DESCRIPTION OF THE TASK: When the string "Ehigh" is part of a line below, that line should be copied.

Collected data entries
==================================================
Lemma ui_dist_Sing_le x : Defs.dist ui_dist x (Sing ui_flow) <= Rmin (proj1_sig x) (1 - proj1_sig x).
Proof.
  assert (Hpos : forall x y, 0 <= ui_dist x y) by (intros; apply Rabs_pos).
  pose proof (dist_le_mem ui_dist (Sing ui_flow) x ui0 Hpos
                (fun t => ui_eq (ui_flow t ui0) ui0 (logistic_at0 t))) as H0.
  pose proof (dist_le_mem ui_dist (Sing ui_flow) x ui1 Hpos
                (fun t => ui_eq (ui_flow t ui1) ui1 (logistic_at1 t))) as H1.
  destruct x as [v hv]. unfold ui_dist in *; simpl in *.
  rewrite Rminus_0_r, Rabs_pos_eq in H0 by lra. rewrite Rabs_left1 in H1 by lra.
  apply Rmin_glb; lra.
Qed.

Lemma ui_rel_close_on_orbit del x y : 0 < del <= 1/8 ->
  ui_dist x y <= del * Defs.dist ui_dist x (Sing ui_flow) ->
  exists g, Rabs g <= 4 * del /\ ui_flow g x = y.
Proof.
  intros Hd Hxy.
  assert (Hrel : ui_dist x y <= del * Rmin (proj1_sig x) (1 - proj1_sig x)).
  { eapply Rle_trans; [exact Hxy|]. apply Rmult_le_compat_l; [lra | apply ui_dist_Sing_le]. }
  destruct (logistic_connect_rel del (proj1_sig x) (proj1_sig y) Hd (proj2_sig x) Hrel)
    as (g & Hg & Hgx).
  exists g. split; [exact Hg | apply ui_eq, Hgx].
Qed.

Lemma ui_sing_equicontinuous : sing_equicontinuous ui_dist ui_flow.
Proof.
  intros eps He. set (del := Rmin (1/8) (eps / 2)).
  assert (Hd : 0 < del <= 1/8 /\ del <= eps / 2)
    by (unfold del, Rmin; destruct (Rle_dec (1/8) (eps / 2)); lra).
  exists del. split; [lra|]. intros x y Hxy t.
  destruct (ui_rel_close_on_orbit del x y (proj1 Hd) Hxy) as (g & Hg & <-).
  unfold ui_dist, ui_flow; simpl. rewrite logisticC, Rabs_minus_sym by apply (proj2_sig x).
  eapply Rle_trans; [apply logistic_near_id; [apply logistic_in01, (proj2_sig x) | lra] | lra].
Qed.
==================================================
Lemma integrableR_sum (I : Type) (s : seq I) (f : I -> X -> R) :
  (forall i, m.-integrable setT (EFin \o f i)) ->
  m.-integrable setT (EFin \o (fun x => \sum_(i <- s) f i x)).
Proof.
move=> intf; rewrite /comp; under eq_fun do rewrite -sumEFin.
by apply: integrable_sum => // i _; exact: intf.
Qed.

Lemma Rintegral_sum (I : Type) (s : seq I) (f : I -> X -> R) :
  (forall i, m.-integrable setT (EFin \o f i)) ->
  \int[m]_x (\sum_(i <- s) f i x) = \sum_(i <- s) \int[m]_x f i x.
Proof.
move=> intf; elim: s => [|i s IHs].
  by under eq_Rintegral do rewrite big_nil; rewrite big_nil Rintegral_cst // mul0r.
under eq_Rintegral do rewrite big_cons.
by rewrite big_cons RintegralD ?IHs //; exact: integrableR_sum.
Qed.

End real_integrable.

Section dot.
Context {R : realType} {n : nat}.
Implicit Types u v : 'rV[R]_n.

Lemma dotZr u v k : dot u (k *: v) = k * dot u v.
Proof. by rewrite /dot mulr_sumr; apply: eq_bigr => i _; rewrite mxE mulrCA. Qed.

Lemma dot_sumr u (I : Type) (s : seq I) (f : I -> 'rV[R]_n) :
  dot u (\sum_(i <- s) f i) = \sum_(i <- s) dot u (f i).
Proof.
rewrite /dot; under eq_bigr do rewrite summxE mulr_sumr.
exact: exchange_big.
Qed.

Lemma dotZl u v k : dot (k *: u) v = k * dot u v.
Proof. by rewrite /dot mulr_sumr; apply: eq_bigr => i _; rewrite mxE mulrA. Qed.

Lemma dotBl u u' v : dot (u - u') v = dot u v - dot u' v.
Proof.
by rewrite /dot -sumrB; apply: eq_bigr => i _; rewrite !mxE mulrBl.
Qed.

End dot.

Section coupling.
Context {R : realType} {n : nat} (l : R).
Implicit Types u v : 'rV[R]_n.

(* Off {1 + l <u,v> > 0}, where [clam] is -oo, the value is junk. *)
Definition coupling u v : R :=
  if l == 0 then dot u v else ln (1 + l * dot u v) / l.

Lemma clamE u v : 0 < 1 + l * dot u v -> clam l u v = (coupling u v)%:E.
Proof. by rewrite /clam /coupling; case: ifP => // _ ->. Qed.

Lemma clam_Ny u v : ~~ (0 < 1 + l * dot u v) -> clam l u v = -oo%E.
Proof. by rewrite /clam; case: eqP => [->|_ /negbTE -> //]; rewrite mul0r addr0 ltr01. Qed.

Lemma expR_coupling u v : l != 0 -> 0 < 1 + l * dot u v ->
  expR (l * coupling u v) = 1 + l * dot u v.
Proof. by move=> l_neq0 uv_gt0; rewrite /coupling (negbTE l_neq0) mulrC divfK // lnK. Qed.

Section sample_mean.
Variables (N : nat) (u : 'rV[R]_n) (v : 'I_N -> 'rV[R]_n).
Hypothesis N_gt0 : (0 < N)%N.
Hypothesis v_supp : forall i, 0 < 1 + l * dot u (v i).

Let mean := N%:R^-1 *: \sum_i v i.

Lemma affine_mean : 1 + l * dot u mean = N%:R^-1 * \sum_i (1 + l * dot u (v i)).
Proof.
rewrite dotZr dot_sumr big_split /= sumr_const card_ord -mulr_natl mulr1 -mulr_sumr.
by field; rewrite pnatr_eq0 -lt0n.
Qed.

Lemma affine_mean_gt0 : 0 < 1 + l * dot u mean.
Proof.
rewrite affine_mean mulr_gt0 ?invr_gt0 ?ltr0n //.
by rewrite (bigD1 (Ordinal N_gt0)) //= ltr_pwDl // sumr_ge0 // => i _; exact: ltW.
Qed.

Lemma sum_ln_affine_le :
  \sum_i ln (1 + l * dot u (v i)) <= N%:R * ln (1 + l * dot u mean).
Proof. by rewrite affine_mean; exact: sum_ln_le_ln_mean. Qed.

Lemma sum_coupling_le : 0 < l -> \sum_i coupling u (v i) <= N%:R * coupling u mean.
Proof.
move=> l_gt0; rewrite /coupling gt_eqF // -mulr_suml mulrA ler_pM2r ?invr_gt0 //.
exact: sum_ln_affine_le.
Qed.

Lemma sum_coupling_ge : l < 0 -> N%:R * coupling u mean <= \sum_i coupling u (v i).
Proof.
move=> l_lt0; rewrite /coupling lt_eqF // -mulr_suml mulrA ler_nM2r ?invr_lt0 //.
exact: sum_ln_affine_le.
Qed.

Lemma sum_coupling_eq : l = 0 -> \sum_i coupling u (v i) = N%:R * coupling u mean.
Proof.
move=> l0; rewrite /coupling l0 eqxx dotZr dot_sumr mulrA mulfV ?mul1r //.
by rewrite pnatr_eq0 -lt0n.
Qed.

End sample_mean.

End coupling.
==================================================
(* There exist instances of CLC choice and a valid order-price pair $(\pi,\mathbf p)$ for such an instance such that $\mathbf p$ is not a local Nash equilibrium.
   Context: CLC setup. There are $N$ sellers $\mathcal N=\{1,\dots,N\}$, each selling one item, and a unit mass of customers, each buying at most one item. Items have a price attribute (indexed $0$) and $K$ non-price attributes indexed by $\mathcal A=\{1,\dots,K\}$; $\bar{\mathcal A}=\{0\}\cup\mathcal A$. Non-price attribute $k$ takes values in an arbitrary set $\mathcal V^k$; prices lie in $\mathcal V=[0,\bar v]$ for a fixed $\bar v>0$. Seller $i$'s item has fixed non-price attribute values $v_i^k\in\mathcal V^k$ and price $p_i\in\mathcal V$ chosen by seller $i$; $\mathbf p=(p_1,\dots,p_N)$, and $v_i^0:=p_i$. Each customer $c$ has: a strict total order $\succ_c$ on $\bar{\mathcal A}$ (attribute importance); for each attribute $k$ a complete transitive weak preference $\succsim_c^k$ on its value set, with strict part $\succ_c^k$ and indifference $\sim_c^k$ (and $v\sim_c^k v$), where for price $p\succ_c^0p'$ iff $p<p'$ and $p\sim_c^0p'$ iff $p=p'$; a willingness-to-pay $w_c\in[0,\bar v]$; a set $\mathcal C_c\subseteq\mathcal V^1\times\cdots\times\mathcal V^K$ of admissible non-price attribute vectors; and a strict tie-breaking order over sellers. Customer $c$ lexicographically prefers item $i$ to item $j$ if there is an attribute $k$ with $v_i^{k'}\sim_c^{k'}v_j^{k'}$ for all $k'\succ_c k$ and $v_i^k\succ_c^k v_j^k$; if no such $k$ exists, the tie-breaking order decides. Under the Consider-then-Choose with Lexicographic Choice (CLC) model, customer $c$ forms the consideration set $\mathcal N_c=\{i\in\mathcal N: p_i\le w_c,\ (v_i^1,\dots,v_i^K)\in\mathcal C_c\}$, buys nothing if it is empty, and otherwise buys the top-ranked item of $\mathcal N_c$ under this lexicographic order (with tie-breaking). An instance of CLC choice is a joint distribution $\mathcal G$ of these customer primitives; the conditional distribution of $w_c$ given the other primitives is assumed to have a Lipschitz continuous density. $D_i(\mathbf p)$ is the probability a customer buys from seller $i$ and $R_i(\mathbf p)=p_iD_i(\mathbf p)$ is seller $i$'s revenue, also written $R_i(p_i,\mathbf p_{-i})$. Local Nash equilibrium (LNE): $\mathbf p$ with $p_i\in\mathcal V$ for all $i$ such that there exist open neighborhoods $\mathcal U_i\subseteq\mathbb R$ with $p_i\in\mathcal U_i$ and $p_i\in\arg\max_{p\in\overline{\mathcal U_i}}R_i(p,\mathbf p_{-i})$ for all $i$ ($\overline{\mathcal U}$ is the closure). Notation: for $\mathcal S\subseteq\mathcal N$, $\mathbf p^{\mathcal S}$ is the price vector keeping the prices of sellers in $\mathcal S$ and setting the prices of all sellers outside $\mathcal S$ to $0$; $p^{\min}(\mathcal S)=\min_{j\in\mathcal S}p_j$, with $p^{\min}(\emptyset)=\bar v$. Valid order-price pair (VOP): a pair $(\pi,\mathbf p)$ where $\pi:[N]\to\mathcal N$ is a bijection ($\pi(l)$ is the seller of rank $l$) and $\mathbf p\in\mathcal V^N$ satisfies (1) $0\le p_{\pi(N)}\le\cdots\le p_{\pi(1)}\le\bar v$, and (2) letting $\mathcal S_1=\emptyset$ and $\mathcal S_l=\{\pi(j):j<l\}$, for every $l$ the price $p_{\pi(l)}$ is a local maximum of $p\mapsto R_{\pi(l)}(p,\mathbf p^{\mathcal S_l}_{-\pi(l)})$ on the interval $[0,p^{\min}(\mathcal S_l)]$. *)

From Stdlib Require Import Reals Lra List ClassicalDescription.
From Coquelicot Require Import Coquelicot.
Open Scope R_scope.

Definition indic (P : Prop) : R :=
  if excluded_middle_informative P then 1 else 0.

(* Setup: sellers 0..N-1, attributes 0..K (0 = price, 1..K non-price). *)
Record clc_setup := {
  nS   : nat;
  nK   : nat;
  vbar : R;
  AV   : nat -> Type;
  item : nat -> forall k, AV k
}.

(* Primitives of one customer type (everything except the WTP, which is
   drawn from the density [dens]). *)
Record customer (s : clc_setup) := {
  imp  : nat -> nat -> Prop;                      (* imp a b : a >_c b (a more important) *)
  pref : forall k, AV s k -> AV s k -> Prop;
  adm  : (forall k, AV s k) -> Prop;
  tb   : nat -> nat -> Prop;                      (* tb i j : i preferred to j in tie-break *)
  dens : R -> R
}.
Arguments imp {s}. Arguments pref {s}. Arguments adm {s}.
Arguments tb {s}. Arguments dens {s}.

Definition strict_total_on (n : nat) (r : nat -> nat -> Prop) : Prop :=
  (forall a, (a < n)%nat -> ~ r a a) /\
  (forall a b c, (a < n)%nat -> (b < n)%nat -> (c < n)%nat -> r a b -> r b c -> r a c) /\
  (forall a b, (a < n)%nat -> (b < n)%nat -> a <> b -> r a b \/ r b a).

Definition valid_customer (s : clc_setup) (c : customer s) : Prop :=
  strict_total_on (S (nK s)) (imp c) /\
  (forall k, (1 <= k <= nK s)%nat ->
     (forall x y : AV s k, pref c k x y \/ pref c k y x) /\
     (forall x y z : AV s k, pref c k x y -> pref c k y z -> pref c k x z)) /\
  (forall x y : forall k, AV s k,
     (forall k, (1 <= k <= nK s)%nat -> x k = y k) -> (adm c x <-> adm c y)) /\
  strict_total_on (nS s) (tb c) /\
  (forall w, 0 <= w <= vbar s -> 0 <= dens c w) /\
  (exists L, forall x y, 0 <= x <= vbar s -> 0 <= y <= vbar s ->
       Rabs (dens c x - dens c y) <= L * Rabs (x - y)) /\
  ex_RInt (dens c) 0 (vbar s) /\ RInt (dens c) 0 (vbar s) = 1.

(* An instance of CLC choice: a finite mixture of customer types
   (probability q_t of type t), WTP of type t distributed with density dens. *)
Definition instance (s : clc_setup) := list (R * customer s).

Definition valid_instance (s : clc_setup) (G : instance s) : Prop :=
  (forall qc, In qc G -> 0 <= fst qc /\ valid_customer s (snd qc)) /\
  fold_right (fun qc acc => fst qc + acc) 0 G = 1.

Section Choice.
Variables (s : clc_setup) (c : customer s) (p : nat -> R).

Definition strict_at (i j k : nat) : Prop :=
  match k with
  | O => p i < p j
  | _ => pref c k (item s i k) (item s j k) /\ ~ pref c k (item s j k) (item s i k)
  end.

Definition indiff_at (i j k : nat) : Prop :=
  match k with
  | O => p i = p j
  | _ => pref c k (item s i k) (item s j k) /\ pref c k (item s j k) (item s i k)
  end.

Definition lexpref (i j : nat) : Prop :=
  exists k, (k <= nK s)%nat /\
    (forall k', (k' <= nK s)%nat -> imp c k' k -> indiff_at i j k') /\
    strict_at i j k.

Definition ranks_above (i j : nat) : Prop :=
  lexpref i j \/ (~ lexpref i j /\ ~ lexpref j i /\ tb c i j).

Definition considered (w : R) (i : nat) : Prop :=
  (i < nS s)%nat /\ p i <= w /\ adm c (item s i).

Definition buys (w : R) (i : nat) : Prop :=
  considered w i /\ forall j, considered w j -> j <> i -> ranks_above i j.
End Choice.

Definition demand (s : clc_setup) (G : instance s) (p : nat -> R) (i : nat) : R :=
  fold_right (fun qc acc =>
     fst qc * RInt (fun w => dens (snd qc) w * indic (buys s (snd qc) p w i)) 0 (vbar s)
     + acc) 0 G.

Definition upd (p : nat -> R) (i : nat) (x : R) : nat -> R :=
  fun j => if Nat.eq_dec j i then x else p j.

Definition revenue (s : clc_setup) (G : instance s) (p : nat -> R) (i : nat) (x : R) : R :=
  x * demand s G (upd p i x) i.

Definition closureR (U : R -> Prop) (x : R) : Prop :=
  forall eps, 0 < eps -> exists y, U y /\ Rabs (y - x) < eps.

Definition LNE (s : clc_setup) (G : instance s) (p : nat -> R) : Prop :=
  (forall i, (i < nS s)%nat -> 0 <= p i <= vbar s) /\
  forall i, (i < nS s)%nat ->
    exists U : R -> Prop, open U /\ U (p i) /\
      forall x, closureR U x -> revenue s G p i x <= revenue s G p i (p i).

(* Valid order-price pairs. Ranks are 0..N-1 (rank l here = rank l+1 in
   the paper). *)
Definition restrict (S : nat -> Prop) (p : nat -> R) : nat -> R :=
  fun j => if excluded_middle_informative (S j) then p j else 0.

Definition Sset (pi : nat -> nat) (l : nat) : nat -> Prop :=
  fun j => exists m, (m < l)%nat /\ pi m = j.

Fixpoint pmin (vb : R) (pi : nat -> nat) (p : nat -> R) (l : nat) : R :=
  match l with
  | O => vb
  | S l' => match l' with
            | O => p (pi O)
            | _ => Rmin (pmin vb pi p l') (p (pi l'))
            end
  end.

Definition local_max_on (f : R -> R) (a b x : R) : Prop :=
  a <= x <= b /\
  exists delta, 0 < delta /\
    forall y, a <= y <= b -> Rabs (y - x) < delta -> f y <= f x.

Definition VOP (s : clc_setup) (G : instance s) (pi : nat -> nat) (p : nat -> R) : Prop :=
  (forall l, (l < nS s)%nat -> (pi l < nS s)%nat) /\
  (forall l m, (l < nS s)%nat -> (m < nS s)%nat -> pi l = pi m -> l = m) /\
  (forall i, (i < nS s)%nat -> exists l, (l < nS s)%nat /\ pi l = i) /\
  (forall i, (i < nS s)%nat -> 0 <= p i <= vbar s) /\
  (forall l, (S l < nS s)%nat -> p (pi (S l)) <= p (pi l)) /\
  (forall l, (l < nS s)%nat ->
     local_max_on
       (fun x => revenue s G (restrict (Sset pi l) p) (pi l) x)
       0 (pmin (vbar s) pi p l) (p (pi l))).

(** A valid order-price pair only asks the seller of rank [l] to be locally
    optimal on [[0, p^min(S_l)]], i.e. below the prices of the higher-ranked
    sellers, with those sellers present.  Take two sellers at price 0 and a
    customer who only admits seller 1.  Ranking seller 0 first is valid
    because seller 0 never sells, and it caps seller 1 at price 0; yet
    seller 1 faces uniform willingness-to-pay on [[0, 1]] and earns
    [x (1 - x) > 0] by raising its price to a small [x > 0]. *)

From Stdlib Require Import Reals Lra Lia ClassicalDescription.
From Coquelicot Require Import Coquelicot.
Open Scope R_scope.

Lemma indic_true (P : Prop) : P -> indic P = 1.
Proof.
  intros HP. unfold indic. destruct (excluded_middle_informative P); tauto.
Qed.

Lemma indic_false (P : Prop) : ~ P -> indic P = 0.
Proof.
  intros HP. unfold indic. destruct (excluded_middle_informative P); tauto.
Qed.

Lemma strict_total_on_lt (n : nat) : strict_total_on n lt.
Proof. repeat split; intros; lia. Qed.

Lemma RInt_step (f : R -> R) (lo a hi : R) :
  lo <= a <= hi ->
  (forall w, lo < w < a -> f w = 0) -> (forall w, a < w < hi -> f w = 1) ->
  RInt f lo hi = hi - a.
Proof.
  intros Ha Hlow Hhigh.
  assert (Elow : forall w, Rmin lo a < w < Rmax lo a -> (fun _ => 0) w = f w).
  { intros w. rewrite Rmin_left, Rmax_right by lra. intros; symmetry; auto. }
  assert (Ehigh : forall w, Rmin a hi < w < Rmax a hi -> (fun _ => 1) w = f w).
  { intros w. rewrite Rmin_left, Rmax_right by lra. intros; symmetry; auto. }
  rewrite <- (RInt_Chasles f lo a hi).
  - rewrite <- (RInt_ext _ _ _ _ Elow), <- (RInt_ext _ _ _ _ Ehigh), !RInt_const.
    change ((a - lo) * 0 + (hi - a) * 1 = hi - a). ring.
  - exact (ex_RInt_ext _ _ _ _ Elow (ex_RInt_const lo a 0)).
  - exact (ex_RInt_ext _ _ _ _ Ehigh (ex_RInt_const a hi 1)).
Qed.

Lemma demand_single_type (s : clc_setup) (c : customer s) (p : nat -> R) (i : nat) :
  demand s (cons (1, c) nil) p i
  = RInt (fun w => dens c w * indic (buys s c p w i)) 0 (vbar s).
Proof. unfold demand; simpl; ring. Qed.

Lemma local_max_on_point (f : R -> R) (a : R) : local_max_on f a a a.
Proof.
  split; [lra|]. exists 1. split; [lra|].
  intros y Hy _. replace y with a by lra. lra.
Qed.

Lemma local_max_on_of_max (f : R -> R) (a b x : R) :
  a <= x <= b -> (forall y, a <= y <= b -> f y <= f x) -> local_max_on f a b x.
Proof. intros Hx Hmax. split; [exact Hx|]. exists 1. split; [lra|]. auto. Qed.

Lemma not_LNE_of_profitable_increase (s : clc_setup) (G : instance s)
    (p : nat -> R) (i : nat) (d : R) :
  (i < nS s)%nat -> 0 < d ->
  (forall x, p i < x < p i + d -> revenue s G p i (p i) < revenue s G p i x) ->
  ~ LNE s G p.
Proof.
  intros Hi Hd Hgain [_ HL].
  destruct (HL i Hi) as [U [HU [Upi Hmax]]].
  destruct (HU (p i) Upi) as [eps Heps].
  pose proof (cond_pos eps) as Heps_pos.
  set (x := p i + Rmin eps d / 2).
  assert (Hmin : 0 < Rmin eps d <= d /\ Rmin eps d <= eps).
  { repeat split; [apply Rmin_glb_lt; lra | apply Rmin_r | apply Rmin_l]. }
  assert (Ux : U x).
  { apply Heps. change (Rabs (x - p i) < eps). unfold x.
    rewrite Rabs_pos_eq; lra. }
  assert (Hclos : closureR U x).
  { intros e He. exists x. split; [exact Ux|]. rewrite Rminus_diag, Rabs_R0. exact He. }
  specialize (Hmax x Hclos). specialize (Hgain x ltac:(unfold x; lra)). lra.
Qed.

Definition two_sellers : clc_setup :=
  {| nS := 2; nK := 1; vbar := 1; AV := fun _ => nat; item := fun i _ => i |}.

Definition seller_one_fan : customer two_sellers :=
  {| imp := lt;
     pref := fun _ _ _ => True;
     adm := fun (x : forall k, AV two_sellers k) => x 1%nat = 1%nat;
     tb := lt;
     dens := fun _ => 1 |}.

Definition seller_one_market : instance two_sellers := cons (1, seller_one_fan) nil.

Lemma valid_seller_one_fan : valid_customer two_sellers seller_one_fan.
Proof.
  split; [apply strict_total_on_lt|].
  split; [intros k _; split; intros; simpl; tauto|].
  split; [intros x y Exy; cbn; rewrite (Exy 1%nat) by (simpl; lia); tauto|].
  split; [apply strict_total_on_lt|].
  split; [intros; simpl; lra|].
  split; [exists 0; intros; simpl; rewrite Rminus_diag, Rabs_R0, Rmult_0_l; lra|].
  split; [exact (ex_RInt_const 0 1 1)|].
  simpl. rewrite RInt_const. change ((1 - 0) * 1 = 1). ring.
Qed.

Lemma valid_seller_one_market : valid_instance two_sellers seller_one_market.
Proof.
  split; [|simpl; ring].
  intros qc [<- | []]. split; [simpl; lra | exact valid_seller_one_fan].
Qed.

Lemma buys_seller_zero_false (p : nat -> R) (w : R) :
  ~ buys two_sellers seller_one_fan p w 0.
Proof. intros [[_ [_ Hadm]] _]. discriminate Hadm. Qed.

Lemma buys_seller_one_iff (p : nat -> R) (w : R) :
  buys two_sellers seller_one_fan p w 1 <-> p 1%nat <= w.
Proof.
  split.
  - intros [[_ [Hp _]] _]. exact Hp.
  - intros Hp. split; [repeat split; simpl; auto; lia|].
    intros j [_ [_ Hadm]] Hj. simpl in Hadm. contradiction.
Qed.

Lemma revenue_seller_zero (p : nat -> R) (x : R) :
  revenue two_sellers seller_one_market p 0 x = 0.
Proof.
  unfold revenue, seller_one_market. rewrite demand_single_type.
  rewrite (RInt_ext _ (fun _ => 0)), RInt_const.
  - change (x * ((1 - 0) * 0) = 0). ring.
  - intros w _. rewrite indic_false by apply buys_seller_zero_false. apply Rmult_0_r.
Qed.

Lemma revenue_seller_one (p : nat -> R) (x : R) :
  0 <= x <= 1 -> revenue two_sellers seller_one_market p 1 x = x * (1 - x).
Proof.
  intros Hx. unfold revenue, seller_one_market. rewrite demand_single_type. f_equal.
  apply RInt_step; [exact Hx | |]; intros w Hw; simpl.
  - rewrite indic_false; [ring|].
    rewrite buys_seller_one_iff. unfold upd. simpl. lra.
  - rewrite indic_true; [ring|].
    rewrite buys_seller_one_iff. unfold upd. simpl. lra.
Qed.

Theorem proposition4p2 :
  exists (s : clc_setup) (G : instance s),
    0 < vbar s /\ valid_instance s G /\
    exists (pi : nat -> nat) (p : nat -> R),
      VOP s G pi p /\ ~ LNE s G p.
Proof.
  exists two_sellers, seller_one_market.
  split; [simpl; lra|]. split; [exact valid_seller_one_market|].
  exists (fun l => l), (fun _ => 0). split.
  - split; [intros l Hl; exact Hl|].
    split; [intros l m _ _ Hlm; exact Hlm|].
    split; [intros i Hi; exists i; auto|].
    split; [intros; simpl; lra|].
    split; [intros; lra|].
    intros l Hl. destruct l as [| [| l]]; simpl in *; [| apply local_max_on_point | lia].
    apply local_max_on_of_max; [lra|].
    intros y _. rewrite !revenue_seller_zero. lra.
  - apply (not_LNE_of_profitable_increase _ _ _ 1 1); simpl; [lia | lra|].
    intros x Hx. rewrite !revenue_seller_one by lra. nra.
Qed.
==================================================
RESPONSE FOR THIS EXERCISE:
  assert (Ehigh : forall w, Rmin a hi < w < Rmax a hi -> (fun _ => 1) w = f w).
  - rewrite <- (RInt_ext _ _ _ _ Elow), <- (RInt_ext _ _ _ _ Ehigh), !RInt_const.
  - exact (ex_RInt_ext _ _ _ _ Ehigh (ex_RInt_const a hi 1)).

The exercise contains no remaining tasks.